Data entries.

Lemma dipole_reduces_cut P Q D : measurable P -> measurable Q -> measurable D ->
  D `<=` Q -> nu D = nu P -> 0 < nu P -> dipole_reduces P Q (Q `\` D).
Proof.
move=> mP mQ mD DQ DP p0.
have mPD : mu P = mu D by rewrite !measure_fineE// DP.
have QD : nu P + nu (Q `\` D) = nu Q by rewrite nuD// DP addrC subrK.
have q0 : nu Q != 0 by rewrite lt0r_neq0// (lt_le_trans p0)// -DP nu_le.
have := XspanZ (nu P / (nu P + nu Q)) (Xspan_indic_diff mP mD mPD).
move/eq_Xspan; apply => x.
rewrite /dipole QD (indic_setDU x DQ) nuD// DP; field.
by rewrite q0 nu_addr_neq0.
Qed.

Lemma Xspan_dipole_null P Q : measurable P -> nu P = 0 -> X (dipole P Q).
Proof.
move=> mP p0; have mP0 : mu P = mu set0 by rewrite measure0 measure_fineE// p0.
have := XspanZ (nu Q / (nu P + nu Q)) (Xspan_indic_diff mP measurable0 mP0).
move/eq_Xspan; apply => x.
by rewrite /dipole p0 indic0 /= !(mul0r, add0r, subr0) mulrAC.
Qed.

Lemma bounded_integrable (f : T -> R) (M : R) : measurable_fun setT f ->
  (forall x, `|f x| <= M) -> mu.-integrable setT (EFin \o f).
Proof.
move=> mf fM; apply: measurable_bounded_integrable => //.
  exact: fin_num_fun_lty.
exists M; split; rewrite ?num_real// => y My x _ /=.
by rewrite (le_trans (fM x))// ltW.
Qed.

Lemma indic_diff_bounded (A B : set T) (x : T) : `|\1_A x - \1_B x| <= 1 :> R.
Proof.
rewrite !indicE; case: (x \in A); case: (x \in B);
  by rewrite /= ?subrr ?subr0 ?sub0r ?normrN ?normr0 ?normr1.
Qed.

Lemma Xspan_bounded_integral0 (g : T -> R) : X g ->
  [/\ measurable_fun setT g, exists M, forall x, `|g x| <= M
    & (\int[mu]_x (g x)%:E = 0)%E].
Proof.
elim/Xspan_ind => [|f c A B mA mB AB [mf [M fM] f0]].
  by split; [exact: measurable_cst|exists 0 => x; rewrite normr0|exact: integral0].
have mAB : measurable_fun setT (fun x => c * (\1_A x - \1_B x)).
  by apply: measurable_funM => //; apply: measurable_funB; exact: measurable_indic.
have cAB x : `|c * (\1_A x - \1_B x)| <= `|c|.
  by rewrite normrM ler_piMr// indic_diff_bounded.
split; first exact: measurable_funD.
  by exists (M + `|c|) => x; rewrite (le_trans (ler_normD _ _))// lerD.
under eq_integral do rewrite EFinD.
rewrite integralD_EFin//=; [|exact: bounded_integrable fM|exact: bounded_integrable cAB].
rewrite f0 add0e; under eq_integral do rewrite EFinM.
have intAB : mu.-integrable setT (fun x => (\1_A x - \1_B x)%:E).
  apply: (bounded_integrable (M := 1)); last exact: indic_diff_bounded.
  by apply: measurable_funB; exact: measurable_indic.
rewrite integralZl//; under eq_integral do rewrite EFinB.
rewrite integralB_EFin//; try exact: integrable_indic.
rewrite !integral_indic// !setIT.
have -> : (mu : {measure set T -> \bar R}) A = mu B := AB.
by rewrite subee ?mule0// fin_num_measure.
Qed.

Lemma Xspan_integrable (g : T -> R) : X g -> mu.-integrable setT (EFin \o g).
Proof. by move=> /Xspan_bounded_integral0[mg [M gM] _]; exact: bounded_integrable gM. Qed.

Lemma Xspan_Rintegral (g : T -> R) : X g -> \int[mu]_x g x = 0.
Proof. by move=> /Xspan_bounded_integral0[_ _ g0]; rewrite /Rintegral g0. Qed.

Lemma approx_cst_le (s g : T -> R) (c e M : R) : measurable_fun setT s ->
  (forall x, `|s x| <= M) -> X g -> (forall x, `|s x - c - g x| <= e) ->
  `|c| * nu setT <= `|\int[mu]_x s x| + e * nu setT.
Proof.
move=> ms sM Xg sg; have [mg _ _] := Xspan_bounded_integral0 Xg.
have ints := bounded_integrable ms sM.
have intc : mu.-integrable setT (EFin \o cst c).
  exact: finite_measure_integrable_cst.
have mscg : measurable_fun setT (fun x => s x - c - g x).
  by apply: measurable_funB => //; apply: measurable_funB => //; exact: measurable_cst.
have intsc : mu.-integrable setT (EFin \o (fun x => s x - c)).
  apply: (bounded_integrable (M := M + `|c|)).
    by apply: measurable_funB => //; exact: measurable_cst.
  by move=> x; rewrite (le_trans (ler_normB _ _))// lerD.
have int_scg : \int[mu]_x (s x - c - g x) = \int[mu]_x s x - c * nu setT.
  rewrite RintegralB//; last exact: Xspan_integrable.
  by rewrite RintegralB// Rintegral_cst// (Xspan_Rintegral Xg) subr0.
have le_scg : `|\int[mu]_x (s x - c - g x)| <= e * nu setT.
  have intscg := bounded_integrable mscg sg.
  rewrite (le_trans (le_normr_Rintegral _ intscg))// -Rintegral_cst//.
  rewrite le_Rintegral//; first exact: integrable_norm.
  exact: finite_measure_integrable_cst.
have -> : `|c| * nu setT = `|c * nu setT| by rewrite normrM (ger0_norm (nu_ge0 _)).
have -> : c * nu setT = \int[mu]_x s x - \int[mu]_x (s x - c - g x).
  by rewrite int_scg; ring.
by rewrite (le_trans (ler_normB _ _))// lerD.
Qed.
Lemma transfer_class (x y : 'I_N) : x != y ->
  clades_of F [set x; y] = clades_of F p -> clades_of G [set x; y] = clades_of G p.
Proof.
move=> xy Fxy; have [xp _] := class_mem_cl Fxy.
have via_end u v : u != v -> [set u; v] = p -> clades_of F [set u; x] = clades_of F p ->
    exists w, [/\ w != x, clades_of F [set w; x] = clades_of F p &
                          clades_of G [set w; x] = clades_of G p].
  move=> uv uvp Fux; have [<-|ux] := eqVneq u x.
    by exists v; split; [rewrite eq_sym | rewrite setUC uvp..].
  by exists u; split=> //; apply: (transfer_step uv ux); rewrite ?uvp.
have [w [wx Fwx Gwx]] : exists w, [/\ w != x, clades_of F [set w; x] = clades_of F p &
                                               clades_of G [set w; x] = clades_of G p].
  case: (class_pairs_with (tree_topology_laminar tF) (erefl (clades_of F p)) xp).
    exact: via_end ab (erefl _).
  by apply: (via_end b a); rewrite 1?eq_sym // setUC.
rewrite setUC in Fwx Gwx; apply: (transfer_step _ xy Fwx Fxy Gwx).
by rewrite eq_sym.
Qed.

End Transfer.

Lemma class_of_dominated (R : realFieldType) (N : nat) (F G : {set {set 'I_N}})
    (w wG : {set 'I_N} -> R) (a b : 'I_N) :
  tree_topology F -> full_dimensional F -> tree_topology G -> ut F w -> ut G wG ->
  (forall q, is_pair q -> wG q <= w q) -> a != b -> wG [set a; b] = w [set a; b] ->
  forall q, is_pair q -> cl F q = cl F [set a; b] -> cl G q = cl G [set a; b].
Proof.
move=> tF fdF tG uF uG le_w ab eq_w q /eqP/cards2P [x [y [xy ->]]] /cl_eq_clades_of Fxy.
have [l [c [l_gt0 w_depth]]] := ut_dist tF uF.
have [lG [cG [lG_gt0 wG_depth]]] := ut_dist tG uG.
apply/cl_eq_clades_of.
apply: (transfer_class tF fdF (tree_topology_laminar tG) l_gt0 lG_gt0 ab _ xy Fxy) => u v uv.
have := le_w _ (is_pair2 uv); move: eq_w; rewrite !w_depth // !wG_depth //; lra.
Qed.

Task to carry out.
Repeat the full set of records exactly.

Output below.
Lemma dipole_reduces_cut P Q D : measurable P -> measurable Q -> measurable D ->
  D `<=` Q -> nu D = nu P -> 0 < nu P -> dipole_reduces P Q (Q `\` D).
Proof.
move=> mP mQ mD DQ DP p0.
have mPD : mu P = mu D by rewrite !measure_fineE// DP.
have QD : nu P + nu (Q `\` D) = nu Q by rewrite nuD// DP addrC subrK.
have q0 : nu Q != 0 by rewrite lt0r_neq0// (lt_le_trans p0)// -DP nu_le.
have := XspanZ (nu P / (nu P + nu Q)) (Xspan_indic_diff mP mD mPD).
move/eq_Xspan; apply => x.
rewrite /dipole QD (indic_setDU x DQ) nuD// DP; field.
by rewrite q0 nu_addr_neq0.
Qed.

Lemma Xspan_dipole_null P Q : measurable P -> nu P = 0 -> X (dipole P Q).
Proof.
move=> mP p0; have mP0 : mu P = mu set0 by rewrite measure0 measure_fineE// p0.
have := XspanZ (nu Q / (nu P + nu Q)) (Xspan_indic_diff mP measurable0 mP0).
move/eq_Xspan; apply => x.
by rewrite /dipole p0 indic0 /= !(mul0r, add0r, subr0) mulrAC.
Qed.

Lemma bounded_integrable (f : T -> R) (M : R) : measurable_fun setT f ->
  (forall x, `|f x| <= M) -> mu.-integrable setT (EFin \o f).
Proof.
move=> mf fM; apply: measurable_bounded_integrable => //.
  exact: fin_num_fun_lty.
exists M; split; rewrite ?num_real// => y My x _ /=.
by rewrite (le_trans (fM x))// ltW.
Qed.

Lemma indic_diff_bounded (A B : set T) (x : T) : `|\1_A x - \1_B x| <= 1 :> R.
Proof.
rewrite !indicE; case: (x \in A); case: (x \in B);
  by rewrite /= ?subrr ?subr0 ?sub0r ?normrN ?normr0 ?normr1.
Qed.

Lemma Xspan_bounded_integral0 (g : T -> R) : X g ->
  [/\ measurable_fun setT g, exists M, forall x, `|g x| <= M
    & (\int[mu]_x (g x)%:E = 0)%E].
Proof.
elim/Xspan_ind => [|f c A B mA mB AB [mf [M fM] f0]].
  by split; [exact: measurable_cst|exists 0 => x; rewrite normr0|exact: integral0].
have mAB : measurable_fun setT (fun x => c * (\1_A x - \1_B x)).
  by apply: measurable_funM => //; apply: measurable_funB; exact: measurable_indic.
have cAB x : `|c * (\1_A x - \1_B x)| <= `|c|.
  by rewrite normrM ler_piMr// indic_diff_bounded.
split; first exact: measurable_funD.
  by exists (M + `|c|) => x; rewrite (le_trans (ler_normD _ _))// lerD.
under eq_integral do rewrite EFinD.
rewrite integralD_EFin//=; [|exact: bounded_integrable fM|exact: bounded_integrable cAB].
rewrite f0 add0e; under eq_integral do rewrite EFinM.
have intAB : mu.-integrable setT (fun x => (\1_A x - \1_B x)%:E).
  apply: (bounded_integrable (M := 1)); last exact: indic_diff_bounded.
  by apply: measurable_funB; exact: measurable_indic.
rewrite integralZl//; under eq_integral do rewrite EFinB.
rewrite integralB_EFin//; try exact: integrable_indic.
rewrite !integral_indic// !setIT.
have -> : (mu : {measure set T -> \bar R}) A = mu B := AB.
by rewrite subee ?mule0// fin_num_measure.
Qed.

Lemma Xspan_integrable (g : T -> R) : X g -> mu.-integrable setT (EFin \o g).
Proof. by move=> /Xspan_bounded_integral0[mg [M gM] _]; exact: bounded_integrable gM. Qed.

Lemma Xspan_Rintegral (g : T -> R) : X g -> \int[mu]_x g x = 0.
Proof. by move=> /Xspan_bounded_integral0[_ _ g0]; rewrite /Rintegral g0. Qed.

Lemma approx_cst_le (s g : T -> R) (c e M : R) : measurable_fun setT s ->
  (forall x, `|s x| <= M) -> X g -> (forall x, `|s x - c - g x| <= e) ->
  `|c| * nu setT <= `|\int[mu]_x s x| + e * nu setT.
Proof.
move=> ms sM Xg sg; have [mg _ _] := Xspan_bounded_integral0 Xg.
have ints := bounded_integrable ms sM.
have intc : mu.-integrable setT (EFin \o cst c).
  exact: finite_measure_integrable_cst.
have mscg : measurable_fun setT (fun x => s x - c - g x).
  by apply: measurable_funB => //; apply: measurable_funB => //; exact: measurable_cst.
have intsc : mu.-integrable setT (EFin \o (fun x => s x - c)).
  apply: (bounded_integrable (M := M + `|c|)).
    by apply: measurable_funB => //; exact: measurable_cst.
  by move=> x; rewrite (le_trans (ler_normB _ _))// lerD.
have int_scg : \int[mu]_x (s x - c - g x) = \int[mu]_x s x - c * nu setT.
  rewrite RintegralB//; last exact: Xspan_integrable.
  by rewrite RintegralB// Rintegral_cst// (Xspan_Rintegral Xg) subr0.
have le_scg : `|\int[mu]_x (s x - c - g x)| <= e * nu setT.
  have intscg := bounded_integrable mscg sg.
  rewrite (le_trans (le_normr_Rintegral _ intscg))// -Rintegral_cst//.
  rewrite le_Rintegral//; first exact: integrable_norm.
  exact: finite_measure_integrable_cst.
have -> : `|c| * nu setT = `|c * nu setT| by rewrite normrM (ger0_norm (nu_ge0 _)).
have -> : c * nu setT = \int[mu]_x s x - \int[mu]_x (s x - c - g x).
  by rewrite int_scg; ring.
by rewrite (le_trans (ler_normB _ _))// lerD.
Qed.
Lemma transfer_class (x y : 'I_N) : x != y ->
  clades_of F [set x; y] = clades_of F p -> clades_of G [set x; y] = clades_of G p.
Proof.
move=> xy Fxy; have [xp _] := class_mem_cl Fxy.
have via_end u v : u != v -> [set u; v] = p -> clades_of F [set u; x] = clades_of F p ->
    exists w, [/\ w != x, clades_of F [set w; x] = clades_of F p &
                          clades_of G [set w; x] = clades_of G p].
  move=> uv uvp Fux; have [<-|ux] := eqVneq u x.
    by exists v; split; [rewrite eq_sym | rewrite setUC uvp..].
  by exists u; split=> //; apply: (transfer_step uv ux); rewrite ?uvp.
have [w [wx Fwx Gwx]] : exists w, [/\ w != x, clades_of F [set w; x] = clades_of F p &
                                               clades_of G [set w; x] = clades_of G p].
  case: (class_pairs_with (tree_topology_laminar tF) (erefl (clades_of F p)) xp).
    exact: via_end ab (erefl _).
  by apply: (via_end b a); rewrite 1?eq_sym // setUC.
rewrite setUC in Fwx Gwx; apply: (transfer_step _ xy Fwx Fxy Gwx).
by rewrite eq_sym.
Qed.

End Transfer.

Lemma class_of_dominated (R : realFieldType) (N : nat) (F G : {set {set 'I_N}})
    (w wG : {set 'I_N} -> R) (a b : 'I_N) :
  tree_topology F -> full_dimensional F -> tree_topology G -> ut F w -> ut G wG ->
  (forall q, is_pair q -> wG q <= w q) -> a != b -> wG [set a; b] = w [set a; b] ->
  forall q, is_pair q -> cl F q = cl F [set a; b] -> cl G q = cl G [set a; b].
Proof.
move=> tF fdF tG uF uG le_w ab eq_w q /eqP/cards2P [x [y [xy ->]]] /cl_eq_clades_of Fxy.
have [l [c [l_gt0 w_depth]]] := ut_dist tF uF.
have [lG [cG [lG_gt0 wG_depth]]] := ut_dist tG uG.
apply/cl_eq_clades_of.
apply: (transfer_class tF fdF (tree_topology_laminar tG) l_gt0 lG_gt0 ab _ xy Fxy) => u v uv.
have := le_w _ (is_pair2 uv); move: eq_w; rewrite !w_depth // !wG_depth //; lra.
Qed.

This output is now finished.